# Sun Valley anyone?



## Guest (Aug 31, 2009)

With a little bit of Google Search what I found was that this resort is located in Idaho and is a perfect spot for skiing. Visit the official site sunvalley.com for more information.

online nursing degree


----------



## FLuiD (Jul 6, 2009)

Bret Davis said:


> With a little bit of Google Search what I found was that this resort is located in Idaho and is a perfect spot for skiing. Visit the official site sunvalley.com for more information.
> 
> online nursing degree


Are you a friendly google searching spammer?? What does a job like yours pay btw????


----------



## killclimbz (Aug 10, 2007)

Sun Valley is one of the old school resorts and back in the day it was one of the premiere spots. Not so sure of it these days. The resort barely gets 200" of annual snowfall a year. Considering that other resorts in the state and other parts out West almost double or even triple that total, I would look elsewhere.


----------



## Guest (Aug 31, 2009)

*Sun Valley Local's Perspective*

Hey! I grew up in Sun Valley and it is rad. In the past few years, they've dumped a lot of resources into building it up for snowboarders. Now the resort offers a pipe, rails, and some pretty big tabletops. It doesn't sound like a ton if you're used to riding the giant parks at many resorts, but we're happy with the progress and the stuff they've built is legit. Most riders keep busy flying down the super steep long runs and jibbing off cat-tracks. We get the most snow in Jan/Feb. Late season offers great student discounts and awesome spring snow, plus funky bands and drunk tourists dancing in ski boots at the bottom of the hill. 

I've written a few articles on the resort for TransWorld Snowboarding Mag. Most of those serious shredders know the area by the Galena road gap that has been in numerous photos and movies.

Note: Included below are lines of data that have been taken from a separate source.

Lemma vnorm2E n (x : 'cV[R]_n) : vnorm2 x = (x^T *m x) 0 0.
Proof. by rewrite /vnorm2 mxE; apply: eq_bigr => i _; rewrite mxE expr2. Qed.

Lemma sqr_vnorm n (x : 'cV[R]_n) : vnorm x ^+ 2 = vnorm2 x.
Proof. by rewrite sqr_sqrtr // vnorm2_ge0. Qed.

Lemma vnorm_ge0 n (x : 'cV[R]_n) : 0 <= vnorm x.
Proof. exact: sqrtr_ge0. Qed.

Lemma vnorm2_eq0 n (x : 'cV[R]_n) : vnorm2 x = 0 -> x = 0.
Proof.
move=> /psumr_eq0P x0; apply/matrixP => i j; rewrite (ord1 j) mxE.
by apply/eqP; rewrite -sqrf_eq0 x0 // => k _; apply: sqr_ge0.
Qed.

Lemma vnorm_eq0 n (x : 'cV[R]_n) : vnorm x = 0 -> x = 0.
Proof. by move=> x0; apply: vnorm2_eq0; rewrite -sqr_vnorm x0 expr0n. Qed.

Lemma vnorm0 n : vnorm (0 : 'cV[R]_n) = 0.
Proof. by rewrite /vnorm big1 ?sqrtr0 // => i _; rewrite mxE expr0n. Qed.

Lemma vnormZ n (t : R) (x : 'cV[R]_n) : vnorm (t *: x) = `|t| * vnorm x.
Proof.
rewrite /vnorm -sqrtr_sqr -sqrtrM ?sqr_ge0 //; congr Num.sqrt.
by rewrite mulr_sumr; apply: eq_bigr => i _; rewrite mxE exprMn.
Qed.

Lemma abs_le_vnorm n (x : 'cV[R]_n) i : `|x i 0| <= vnorm x.
Proof.
rewrite -sqrtr_sqr ler_sqrt ?vnorm2_ge0 // (bigD1 i) //= lerDl.
by apply: sumr_ge0 => j _; apply: sqr_ge0.
Qed.

Lemma vnorm_le_sum_abs n (x : 'cV[R]_n) : vnorm x <= \sum_i `|x i 0|.
Proof.
have s0 : 0 <= \sum_i `|x i 0| by apply: sumr_ge0.
rewrite -(ger0_norm s0) -sqrtr_sqr ler_sqrt ?sqr_ge0 // expr2 mulr_suml.
apply: ler_sum => i _; rewrite -real_normK ?num_real // expr2.
by rewrite ler_wpM2l // (bigD1 i) //= lerDl; apply: sumr_ge0.
Qed.

Lemma dot_le_vnorm n (x y : 'cV[R]_n) : (x^T *m y) 0 0 <= vnorm x * vnorm y.
Proof.
have -> : (x^T *m y) 0 0 = \sum_i x i 0 * y i 0.
  by rewrite mxE; apply: eq_bigr => i _; rewrite mxE.
have [->|x0] := eqVneq x 0.
  by rewrite vnorm0 mul0r big1 // => i _; rewrite mxE mul0r.
have [->|y0] := eqVneq y 0.
  by rewrite vnorm0 mulr0 big1 // => i _; rewrite mxE mulr0.
set a := vnorm x; set b := vnorm y.
have a_gt0 : 0 < a by rewrite lt_def vnorm_ge0 andbT; apply: contra x0 => /eqP/vnorm_eq0->.
have b_gt0 : 0 < b by rewrite lt_def vnorm_ge0 andbT; apply: contra y0 => /eqP/vnorm_eq0->.
(* expanding [0 <= sum_i (b x_i - a y_i)^2] gives [0 <= 2ab (ab - <x, y>)] *)
have : 0 <= \sum_i (x i 0 * b - y i 0 * a) ^+ 2 by apply: sumr_ge0 => i _; apply: sqr_ge0.
have -> : \sum_i (x i 0 * b - y i 0 * a) ^+ 2 =
    vnorm2 x * b ^+ 2 + vnorm2 y * a ^+ 2 - 2 * (a * b) * \sum_i x i 0 * y i 0.
  rewrite /vnorm2 !mulr_suml mulr_sumr -big_split -sumrB /=.
  by apply: eq_bigr => i _; ring.
rewrite -!sqr_vnorm -/a -/b => h.
have ab_gt0 : 0 < 2 * (a * b) by rewrite !mulr_gt0.
by rewrite -subr_ge0 -(pmulr_rge0 _ ab_gt0); move: h; congr (_ <= _); ring.
Qed.

End EuclideanNorm.

Section SpectralNorm.
Variable R : realType.

Lemma has_sup_specnorm m n (M : 'M[R]_(m, n)) :
  has_sup [set vnorm (M *m x) | x in [set x : 'cV[R]_n | vnorm x <= 1]].
Proof.
split; first by exists (vnorm (M *m 0)), 0 => //=; rewrite vnorm0.
exists (\sum_i \sum_j `|M i j|) => _ [x /= x1 <-].
apply: le_trans (vnorm_le_sum_abs _) _; apply: ler_sum => i _.
rewrite mxE; apply: le_trans (ler_norm_sum _ _ _) _; apply: ler_sum => j _.
by rewrite normrM ler_piMr // (le_trans (abs_le_vnorm _ _)).
Qed.

Lemma specnorm_ge0 m n (M : 'M[R]_(m, n)) : 0 <= specnorm M.
Proof.
apply: (sup_upper_bound (has_sup_specnorm M)).
by exists 0; rewrite /= ?mulmx0 vnorm0.
Qed.

Lemma vnorm_mulmx_le m n (M : 'M[R]_(m, n)) x : vnorm (M *m x) <= specnorm M * vnorm x.
Proof.
have [->|x0] := eqVneq x 0; first by rewrite mulmx0 !vnorm0 mulr0.
have x_gt0 : 0 < vnorm x.
  by rewrite lt_def vnorm_ge0 andbT; apply: contra x0 => /eqP/vnorm_eq0->.
have : vnorm (M *m ((vnorm x)^-1 *: x)) <= specnorm M.
  apply: (sup_upper_bound (has_sup_specnorm M)); exists ((vnorm x)^-1 *: x) => //=.
  by rewrite vnormZ ger0_norm ?invr_ge0 ?vnorm_ge0 // mulVf ?gt_eqF.
rewrite -scalemxAr vnormZ ger0_norm ?invr_ge0 ?vnorm_ge0 //.
by rewrite mulrC -ler_pdivlMr ?invr_gt0 // invrK.
Qed.

Lemma vnorm_trmx_mulmx_le m n (M : 'M[R]_(m, n)) x :
  vnorm (M^T *m x) <= specnorm M * vnorm x.
Proof.
set y := M^T *m x.
have [->|y0] := eqVneq (vnorm y) 0; first by rewrite mulr_ge0 ?specnorm_ge0 ?vnorm_ge0.
have y_gt0 : 0 < vnorm y by rewrite lt_def y0 vnorm_ge0.
(* |y|^2 = <x, M y> <= |x| |M y| <= |x| ||M|| |y| *)
rewrite -(ler_pM2r y_gt0) -expr2 sqr_vnorm vnorm2E {2}/y trmx_mul trmxK -mulmxA.
apply: le_trans (dot_le_vnorm _ _) _.
by rewrite [specnorm M * _]mulrC -mulrA ler_wpM2l ?vnorm_ge0 // vnorm_mulmx_le.
Qed.

Lemma vnorm2_trmx_mulmx_le m n (M : 'M[R]_(m, n)) x :
  vnorm2 (M^T *m x) <= specnorm M ^+ 2 * vnorm2 x.
Proof.
rewrite -!sqr_vnorm -exprMn; apply: lerXn2r; rewrite ?nnegrE ?mulr_ge0 ?vnorm_ge0 ?specnorm_ge0 //.
exact: vnorm_trmx_mulmx_le.
Qed.

End SpectralNorm.

Section QuadraticForms.
Variable R : realType.

Lemma qformD n (P P' : 'M[R]_n) x : qform (P + P') x = qform P x + qform P' x.
Proof. by rewrite /qform mulmxDr mulmxDl mxE. Qed.

Lemma qform_cong n m (X : 'M[R]_(n, m)) (P : 'M[R]_m) x :
  qform (X *m P *m X^T) x = qform P (X^T *m x).
Proof. by rewrite /qform trmx_mul trmxK !mulmxA. Qed.

Lemma qform_delta n (P : 'M[R]_n) i : qform P (delta_mx i 0) = P i i.
Proof.
rewrite /qform trmx_delta -rowE mxE (bigD1 i) //= big1 ?addr0.
  by rewrite !mxE !eqxx mulr1.
by move=> j ji; rewrite !mxE (negbTE ji) mulr0.
Qed.

Lemma qform_le_specnorm n (P : 'M[R]_n) x : qform P x <= specnorm P * vnorm2 x.
Proof.
rewrite /qform -mulmxA; apply: le_trans (dot_le_vnorm _ _) _.
rewrite -sqr_vnorm expr2 mulrA [vnorm x * _]mulrC ler_wpM2r ?vnorm_ge0 //.
exact: vnorm_mulmx_le.
Qed.

Lemma psdD n (P P' : 'M[R]_n) : psd P -> psd P' -> psd (P + P').
Proof.
move=> [sP P0] [sP' P'0]; split; first by rewrite linearD /= sP sP'.
by move=> x; rewrite qformD addr_ge0.
Qed.

Lemma psd_cong n m (X : 'M[R]_(n, m)) (P : 'M[R]_m) : psd P -> psd (X *m P *m X^T).
Proof.
move=> [sP P0]; split; last by move=> x; rewrite qform_cong.
by rewrite !trmx_mul trmxK sP mulmxA.
Qed.

Lemma pd_psd n (P : 'M[R]_n) : pd P -> psd P.
Proof.
move=> [sP P0]; split=> // x; have [->|x0] := eqVneq x 0; last exact: ltW (P0 _ x0).
by rewrite /qform mulmx0 mxE.
Qed.

Definition qform_ub n (P : 'M[R]_n) (lam : R) := forall x, qform P x <= lam * vnorm2 x.

Lemma qform_ub_specnorm n (P : 'M[R]_n) : qform_ub P (specnorm P).
Proof. exact: qform_le_specnorm. Qed.

Lemma qform_ubW n (P : 'M[R]_n) lam mu : lam <= mu -> qform_ub P lam -> qform_ub P mu.
Proof. by move=> lam_mu Plam x; rewrite (le_trans (Plam x)) // ler_wpM2r ?vnorm2_ge0. Qed.

Lemma qform_ubD n (P P' : 'M[R]_n) lam lam' :
  qform_ub P lam -> qform_ub P' lam' -> qform_ub (P + P') (lam + lam').
Proof. by move=> Plam P'lam x; rewrite qformD mulrDl lerD. Qed.

Lemma qform_ub_cong n m (X : 'M[R]_(n, m)) (P : 'M[R]_m) lam :
  0 <= lam -> qform_ub P lam -> qform_ub (X *m P *m X^T) (specnorm X ^+ 2 * lam).
Proof.
move=> lam0 Plam x; rewrite qform_cong (le_trans (Plam _)) //.
by rewrite [_ ^+ 2 * lam]mulrC -mulrA ler_wpM2l // vnorm2_trmx_mulmx_le.
Qed.

Lemma mxtrace_le_qform_ub n (P : 'M[R]_n) lam : qform_ub P lam -> \tr P <= n%:R * lam.
Proof.
move=> Plam; rewrite /mxtrace -[n in n%:R]card_ord mulr_natl -sumr_const; apply: ler_sum => i _.
have := Plam (delta_mx i 0); rewrite qform_delta.
suff -> : vnorm2 (delta_mx i 0 : 'cV[R]_n) = 1 by rewrite mulr1.
have := qform_delta (1%:M : 'M[R]_n) i.
by rewrite /qform mulmx1 -vnorm2E mxE eqxx.
Qed.

End QuadraticForms.

Section PosteriorCovariance.
Variables (R : realType) (n l : nat) (C : 'M[R]_(l, n)) (Rk : 'M[R]_l).

Definition innov_cov (P : 'M[R]_n) := C *m P *m C^T + Rk.
Definition kalman_gain (P : 'M[R]_n) := P *m C^T *m invmx (innov_cov P).
Definition posterior_cov (P : 'M[R]_n) := P - kalman_gain P *m C *m P.

Variable P : 'M[R]_n.
Hypotheses (psdP : psd P) (pdRk : pd Rk).

Lemma innov_cov_unit : innov_cov P \in unitmx.
Proof.
have [_ Rk_pos] := pdRk; rewrite unitmxE unitfE; apply/negP => /det0P [v v0 vS].
have vT0 : v^T != 0 by apply: contra v0 => /eqP vT0; rewrite -[v]trmxK vT0 trmx0.
have : qform (innov_cov P) v^T = 0 by rewrite /qform trmxK vS mul0mx mxE.
rewrite qformD qform_cong; have := psdP.2 (C^T *m v^T); have := Rk_pos _ vT0.
lra.
Qed.

Lemma joseph_form (L : 'M[R]_(n, l)) :
  (1%:M - L *m C) *m P *m (1%:M - L *m C)^T + L *m Rk *m L^T =
  posterior_cov P + (L - kalman_gain P) *m innov_cov P *m (L - kalman_gain P)^T.
Proof.
have [sP _] := psdP; have [sRk _] := pdRk.
set S := innov_cov P; set K := kalman_gain P.
have sS : S^T = S by rewrite /S /innov_cov linearD /= !trmx_mul trmxK sP sRk mulmxA.
have KS : K *m S = P *m C^T by rewrite /K /kalman_gain -mulmxA mulVmx ?mulmx1 ?innov_cov_unit.
have SKt : S *m K^T = C *m P.
  by rewrite -[S]sS -trmx_mul KS trmx_mul sP trmxK.
have KSKt : K *m S *m K^T = K *m C *m P by rewrite -mulmxA SKt mulmxA.
have -> : (L - K) *m S *m (L - K)^T =
    L *m S *m L^T - L *m C *m P - P *m C^T *m L^T + K *m C *m P.
  rewrite linearB /= mulmxBl !mulmxBr !mulmxBl KSKt -[L *m S *m K^T]mulmxA SKt.
  rewrite KS mulmxA.
  move: (L *m S *m L^T) (L *m C *m P) (P *m C^T *m L^T) (K *m C *m P) => X1 X2 X3 X4.
  by apply/matrixP => i j; rewrite !mxE; lra.
rewrite /posterior_cov -/K /S /innov_cov linearB /= trmx1 trmx_mul.
rewrite !(mulmxDl, mulmxDr, mulmxBl, mulmxBr, mulNmx, mulmxN, mul1mx, mulmx1) !mulmxA.
move: (P *m C^T *m L^T) (L *m C *m P) (L *m C *m P *m C^T *m L^T) (L *m Rk *m L^T)
   (K *m C *m P) => X1 X2 X3 X4 X5.
by apply/matrixP => i j; rewrite !mxE; lra.
Qed.

Lemma psd_posterior_cov : psd (posterior_cov P).
Proof.
have := joseph_form (kalman_gain P); rewrite subrr mul0mx mul0mx addr0 => <-.
by apply: psdD; apply: psd_cong => //; apply: pd_psd.
Qed.

Lemma qform_posterior_cov_le (L : 'M[R]_(n, l)) : L *m C = 1%:M ->
  forall y, qform (posterior_cov P) y <= qform Rk (L^T *m y).
Proof.
move=> LC y; rewrite -qform_cong.
have := joseph_form L; rewrite LC subrr mul0mx mul0mx add0r => ->.
rewrite qformD lerDl; apply: (psd_cong _ _).2.
by apply: psdD; [apply: psd_cong | apply: pd_psd].
Qed.

End PosteriorCovariance.

Section RiccatiBound.
Variables (R : realType) (n l : nat) (A Q : 'M[R]_n) (C : 'M[R]_(l, n)) (Rk : 'M[R]_l).
Variables (P : 'M[R]_n) (c : R).
Hypotheses (psdP : psd P) (psdQ : psd Q) (Qc : specnorm Q <= c).

Lemma riccati_open_bound lam : 0 <= lam -> qform_ub P lam ->
  psd (A *m P *m A^T + Q) /\ qform_ub (A *m P *m A^T + Q) (specnorm A ^+ 2 * lam + c).
Proof.
move=> lam0 Plam; split; first by apply: psdD => //; apply: psd_cong.
apply: qform_ubD; first exact: qform_ub_cong.
exact: qform_ubW Qc (qform_ub_specnorm _).
Qed.

Lemma riccati_closed_bound (L : 'M[R]_(n, l)) : pd Rk -> specnorm Rk <= c -> L *m C = 1%:M ->
  let P' := A *m posterior_cov C Rk P *m A^T + Q in
  psd P' /\ qform_ub P' (c * specnorm (A *m L) ^+ 2 + c).
Proof.
move=> pdRk Rkc LC; split; first by apply: psdD => //; apply/psd_cong/psd_posterior_cov.
apply: qform_ubD; last exact: qform_ubW Qc (qform_ub_specnorm _).
move=> x; rewrite qform_cong (le_trans (qform_posterior_cov_le psdP pdRk LC _)) //.
rewrite mulmxA -trmx_mul -mulrA.
apply: le_trans (qform_le_specnorm _ _) _; apply: ler_pM => //.
- exact: specnorm_ge0.
- exact: vnorm2_ge0.
- exact: vnorm2_trmx_mulmx_le.
Qed.

End RiccatiBound.

Definition scons (b : bool) (gamma : nat -> bool) : nat -> bool :=
  fun t => if t is t'.+1 then gamma t' else b.

Section ScalarBound.
Variable R : realType.

Definition bound_step (a b : R) (gamma : bool) (v : R) : R := (if gamma then 0 else a * v) + b.

Fixpoint bound_seq (a b v : R) (gamma : nat -> bool) (k : nat) : R :=
  if k is k'.+1 then bound_step a b (gamma k') (bound_seq a b v gamma k') else v.

Lemma bound_step_ge0 a b gamma v : 0 <= a -> 0 <= b -> 0 <= v -> 0 <= bound_step a b gamma v.
Proof. by move=> a0 b0 v0; rewrite addr_ge0 //; case: gamma; rewrite ?mulr_ge0. Qed.

Lemma bound_seq_ge0 a b v gamma k : 0 <= a -> 0 <= b -> 0 <= v -> 0 <= bound_seq a b v gamma k.
Proof. by move=> a0 b0 v0; elim: k => //= k IHk; apply: bound_step_ge0. Qed.

Lemma bound_seq_scons a b v beta gamma k :
  bound_seq a b v (scons beta gamma) k.+1 = bound_seq a b (bound_step a b beta v) gamma k.
Proof. by elim: k => //= k ->. Qed.

End ScalarBound.

Section CovarianceBound.
Variables (R : realType) (n l : nat) (A : 'M[R]_n) (C : 'M[R]_(l, n)).
Variables (Q : nat -> 'M[R]_n) (Rv : nat -> 'M[R]_l) (P0 : 'M[R]_n).
Variables (L : 'M[R]_(n, l)) (c : R).
Hypotheses (psdP0 : psd P0) (psdQ : forall k, psd (Q k)) (pdRv : forall k, pd (Rv k)).
Hypotheses (Qc : forall k, specnorm (Q k) <= c) (Rvc : forall k, specnorm (Rv k) <= c).
Hypothesis LC : L *m C = 1%:M.

Lemma kf_covS gamma k : let P := kf_cov A Q C Rv P0 gamma k in
  kf_cov A Q C Rv P0 gamma k.+1 =
  if gamma k then A *m posterior_cov C (Rv k) P *m A^T + Q k else A *m P *m A^T + Q k.
Proof.
rewrite /=; case: (gamma k); last by rewrite scale0r !mul0mx subr0.
by rewrite scale1r /posterior_cov /kalman_gain /innov_cov mulmxBr mulmxBl !mulmxA addrAC.
Qed.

Galena Pass, just north of town, is a great place for backcountry shredding if you don't mind the hike and have some avalanche awareness. 

Sun Valley is the oldest ski resort in the US and also boasts the first chairlift, so there is a ton of history if you're into the old school ski town vibe. You end up staying in and hanging out around Ketchum, the town that surrounds the main ski mountain, Baldy. Sun Valley is just the name of the resort and a small village that hosts the swanky Sun Valley lodge scene. 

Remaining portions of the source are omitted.